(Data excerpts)
════

(* Let $H$ be a real Hilbert space, $f:H\to\mathbb{R}\cup\{+\infty\}$ a proper lower semicontinuous paraconcave function and $\bar x\in\operatorname{dom}f$ with $0\in\partial_pf(\bar x)$. Suppose $f$ is continuous at $\bar x$ and twice epi-differentiable (in the sense of Mosco) at $\bar x$ relative to $0$, and $\operatorname{qri}\big(N_M(\operatorname{gph}\partial_pf,(\bar x,0))\big)\neq\emptyset$. If $\bar x$ is a strict local minimizer of order two for $f$, then $f$ satisfies the second-order optimality conditions of the first, second and third kinds at $\bar x$.
   Context: $S_H$ is the unit sphere of $H$; $B(x,\delta)$ the open ball; weak convergence is denoted $\stackrel{w}{\to}$. $\bar x$ is a strict local minimizer of order two for $f$ if there exist $\beta,\delta>0$ with $f(x)\ge f(\bar x)+\frac{\beta}{2}\|x-\bar x\|^2$ for all $x\in B(\bar x,\delta)$. Proximal subdifferential: $\zeta\in\partial_p f(x)$ iff there exist $\sigma,\delta>0$ with $f(y)\ge f(x)+\langle\zeta,y-x\rangle-\frac{\sigma}{2}\|y-x\|^2$ whenever $\|y-x\|<\delta$. $\Delta_2 f(\bar x,p,t,u):=\frac{f(\bar x+tu)-f(\bar x)-t\langle p,u\rangle}{\frac12t^2}$, $f''_-(\bar x,p,h):=\liminf_{h'\to h,\,t\downarrow0}\Delta_2f(\bar x,p,t,h')$. Mixed contingent cone: $(h,z)\in T_M(\operatorname{gph}\partial_pf,(\bar x,p))$ iff there exist $t_n\to0^+$, $h_n\to h$ in norm, $z_n\stackrel{w}{\to}z$ with $p+t_nz_n\in\partial_pf(\bar x+t_nh_n)$ for all $n$. $D^2_Mf(\bar x,p)(h):=\{z:(h,z)\in T_M(\operatorname{gph}\partial_pf,(\bar x,p))\}$. $N_M(\operatorname{gph}\partial_pf,(\bar x,p)):=\{(a,b):\langle a,h\rangle+\langle b,z\rangle\le0\ \forall(h,z)\in T_M(\operatorname{gph}\partial_pf,(\bar x,p))\}$; $\partial^2_Mf(\bar x,p)(h):=\{z:(z,-h)\in N_M(\operatorname{gph}\partial_pf,(\bar x,p))\}$. For a set-valued map $G$, $\operatorname{dom}G=\{h:G(h)\ne\emptyset\}$. $\operatorname{qri}A:=\{x\in A:\overline{\operatorname{cone}}(A-x)\text{ is a linear subspace}\}$. Second-order optimality conditions at $\bar x$: first kind: $\exists\beta>0$ with $f''_-(\bar x,0,h)\ge\beta$ for all $h\in S_H$; second kind: $\exists\beta>0$ such that for every $h\in\operatorname{dom}D^2_Mf(\bar x,0)\cap S_H$ there is $z\in D^2_Mf(\bar x,0)(h)$ with $\langle z,h\rangle\ge\beta$; third kind: $\exists\beta>0$ with $\langle z,h\rangle\ge\beta$ for all $h\in S_H\cap\operatorname{dom}\partial^2_Mf(\bar x,0)$, $z\in\partial^2_Mf(\bar x,0)(h)$. $f$ is paraconcave if $f-\frac1{2\lambda}\|\cdot\|^2$ is concave for some $\lambda>0$. Twice epi-differentiability (Mosco sense) at $\bar x$ relative to $p$: there is a proper function $\phi$ such that for every $t_n\to0^+$ the epigraphs of $\Delta_2f(\bar x,p,t_n,\cdot)$ Mosco converge to $\operatorname{epi}\phi$, where $C_n\to C$ in the Mosco sense means $C$ equals both the set of norm limits of sequences $x_n\in C_n$ and the set of weak limits of subsequences $x_{n_k}\in C_{n_k}$. *)

From Stdlib Require Import Reals Lra.
Open Scope R_scope.

Record Hilbert := {
  hcar :> Type;
  hzero : hcar;
  hadd : hcar -> hcar -> hcar;
  hopp : hcar -> hcar;
  hscal : R -> hcar -> hcar;
  hinner : hcar -> hcar -> R;
  hadd_assoc : forall x y z, hadd x (hadd y z) = hadd (hadd x y) z;
  hadd_comm : forall x y, hadd x y = hadd y x;
  hadd_0 : forall x, hadd x hzero = x;
  hadd_opp : forall x, hadd x (hopp x) = hzero;
  hscal_1 : forall x, hscal 1 x = x;
  hscal_assoc : forall a b x, hscal a (hscal b x) = hscal (a * b) x;
  hscal_distr_r : forall a x y, hscal a (hadd x y) = hadd (hscal a x) (hscal a y);
  hscal_distr_l : forall a b x, hscal (a + b) x = hadd (hscal a x) (hscal b x);
  hinner_sym : forall x y, hinner x y = hinner y x;
  hinner_add_l : forall x y z, hinner (hadd x y) z = hinner x z + hinner y z;
  hinner_scal_l : forall a x y, hinner (hscal a x) y = a * hinner x y;
  hinner_pos : forall x, 0 <= hinner x x;
  hinner_def : forall x, hinner x x = 0 -> x = hzero;
  hcomplete : forall u : nat -> hcar,
    (forall eps, 0 < eps -> exists N, forall m n, (N <= m)%nat -> (N <= n)%nat ->
        sqrt (hinner (hadd (u m) (hopp (u n))) (hadd (u m) (hopp (u n)))) < eps) ->
    exists l, forall eps, 0 < eps -> exists N, forall n, (N <= n)%nat ->
        sqrt (hinner (hadd (u n) (hopp l)) (hadd (u n) (hopp l))) < eps
}.

Arguments hzero {_}.
Arguments hadd {_}.
Arguments hopp {_}.
Arguments hscal {_}.
Arguments hinner {_}.

Definition hsub {H : Hilbert} (x y : H) : H := hadd x (hopp y).
Definition hnorm {H : Hilbert} (x : H) : R := sqrt (hinner x x).

Definition ball {H : Hilbert} (x : H) (d : R) (y : H) : Prop := hnorm (hsub y x) < d.

Definition cv_norm {H : Hilbert} (u : nat -> H) (l : H) : Prop :=
  forall eps, 0 < eps -> exists N, forall n, (N <= n)%nat -> hnorm (hsub (u n) l) < eps.
Definition cv_weak {H : Hilbert} (u : nat -> H) (l : H) : Prop :=
  forall w : H, Un_cv (fun n => hinner (u n) w) (hinner l w).

Inductive ereal := Fin (r : R) | Pinf.

Definition ele (a b : ereal) : Prop :=
  match a, b with
  | _, Pinf => True
  | Pinf, Fin _ => False
  | Fin x, Fin y => x <= y
  end.
Definition elt (a b : ereal) : Prop :=
  match a, b with
  | Fin _, Pinf => True
  | Pinf, _ => False
  | Fin x, Fin y => x < y
  end.

Section Fun.
Context {H : Hilbert}.
Implicit Types (f : H -> ereal).

Definition in_dom f (x : H) : Prop := exists r, f x = Fin r.
Definition proper f : Prop := exists x, in_dom f x.

Definition lsc f : Prop :=
  forall (x : H) (a : R), elt (Fin a) (f x) ->
    exists d, 0 < d /\ forall y, ball x d y -> elt (Fin a) (f y).

Definition continuous_at f (x : H) : Prop :=
  exists fx, f x = Fin fx /\
    forall eps, 0 < eps -> exists d, 0 < d /\
      forall y, ball x d y -> exists fy, f y = Fin fy /\ Rabs (fy - fx) < eps.

Definition shift_sq f (c : R) (x : H) : ereal :=
  match f x with Fin a => Fin (a - c * (hnorm x) ^ 2) | Pinf => Pinf end.

(** concavity of an extended-valued function = convexity of its hypograph *)
Definition concave (g : H -> ereal) : Prop :=
  forall (x y : H) (r s t : R), 0 <= t <= 1 ->
    ele (Fin r) (g x) -> ele (Fin s) (g y) ->
    ele (Fin (t * r + (1 - t) * s)) (g (hadd (hscal t x) (hscal (1 - t) y))).

Definition paraconcave f : Prop :=
  exists lam, 0 < lam /\ concave (shift_sq f (1 / (2 * lam))).

Definition prox_subdiff f (x zeta : H) : Prop :=
  exists fx, f x = Fin fx /\
  exists sigma delta, 0 < sigma /\ 0 < delta /\
    forall y, hnorm (hsub y x) < delta ->
      ele (Fin (fx + hinner zeta (hsub y x) - sigma / 2 * (hnorm (hsub y x)) ^ 2)) (f y).

Definition strict_lmin_order2 f (xb : H) : Prop :=
  exists beta delta, 0 < beta /\ 0 < delta /\
  exists fxb, f xb = Fin fxb /\
    forall x, ball xb delta x ->
      ele (Fin (fxb + beta / 2 * (hnorm (hsub x xb)) ^ 2)) (f x).

Definition Delta2 f (xb p : H) (t : R) (u : H) : ereal :=
  match f xb, f (hadd xb (hscal t u)) with
  | Fin a, Fin b => Fin ((b - a - t * hinner p u) / (t ^ 2 / 2))
  | _, _ => Pinf
  end.

(** "f''_-(xb,p,h) >= beta", where f''_- = liminf_{h'->h, t↓0} Δ2 f(xb,p,t,h'),
    written out: for every eps>0 the infimum over a punctured neighbourhood is >= beta-eps *)
Definition lower_second_subderiv_ge f (xb p h : H) (beta : R) : Prop :=
  forall eps, 0 < eps -> exists delta, 0 < delta /\
    forall (h' : H) (t : R), hnorm (hsub h' h) < delta -> 0 < t < delta ->
      ele (Fin (beta - eps)) (Delta2 f xb p t h').

(** mixed contingent cone to gph ∂_p f at (xb,p) *)
Definition TM f (xb p : H) (h z : H) : Prop :=
  exists (t : nat -> R) (hs zs : nat -> H),
    (forall n, 0 < t n) /\ Un_cv t 0 /\ cv_norm hs h /\ cv_weak zs z /\
    forall n, prox_subdiff f (hadd xb (hscal (t n) (hs n))) (hadd p (hscal (t n) (zs n))).

Definition D2M f (xb p : H) (h z : H) : Prop := TM f xb p h z.

Definition NM f (xb p : H) (a b : H) : Prop :=
  forall h z, TM f xb p h z -> hinner a h + hinner b z <= 0.

Definition partial2M f (xb p : H) (h z : H) : Prop := NM f xb p z (hopp h).

Definition cone_shift (A : H -> H -> Prop) (a b : H) (u v : H) : Prop :=
  exists (l : R) (a' b' : H), 0 <= l /\ A a' b' /\
    u = hscal l (hsub a' a) /\ v = hscal l (hsub b' b).

Definition closure2 (S : H -> H -> Prop) (u v : H) : Prop :=
  forall eps, 0 < eps -> exists u' v', S u' v' /\ hnorm (hsub u u') + hnorm (hsub v v') < eps.

Definition lin_subspace2 (S : H -> H -> Prop) : Prop :=
  S hzero hzero /\
  (forall u v u' v', S u v -> S u' v' -> S (hadd u u') (hadd v v')) /\
  (forall l u v, S u v -> S (hscal l u) (hscal l v)).

Definition in_qri (A : H -> H -> Prop) (a b : H) : Prop :=
  A a b /\ lin_subspace2 (closure2 (cone_shift A a b)).

Definition qri_nonempty (A : H -> H -> Prop) : Prop := exists a b, in_qri A a b.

════

Task details: Using the records above, report how many lines include "Arguments", with no words around the number.

Exercise response: 5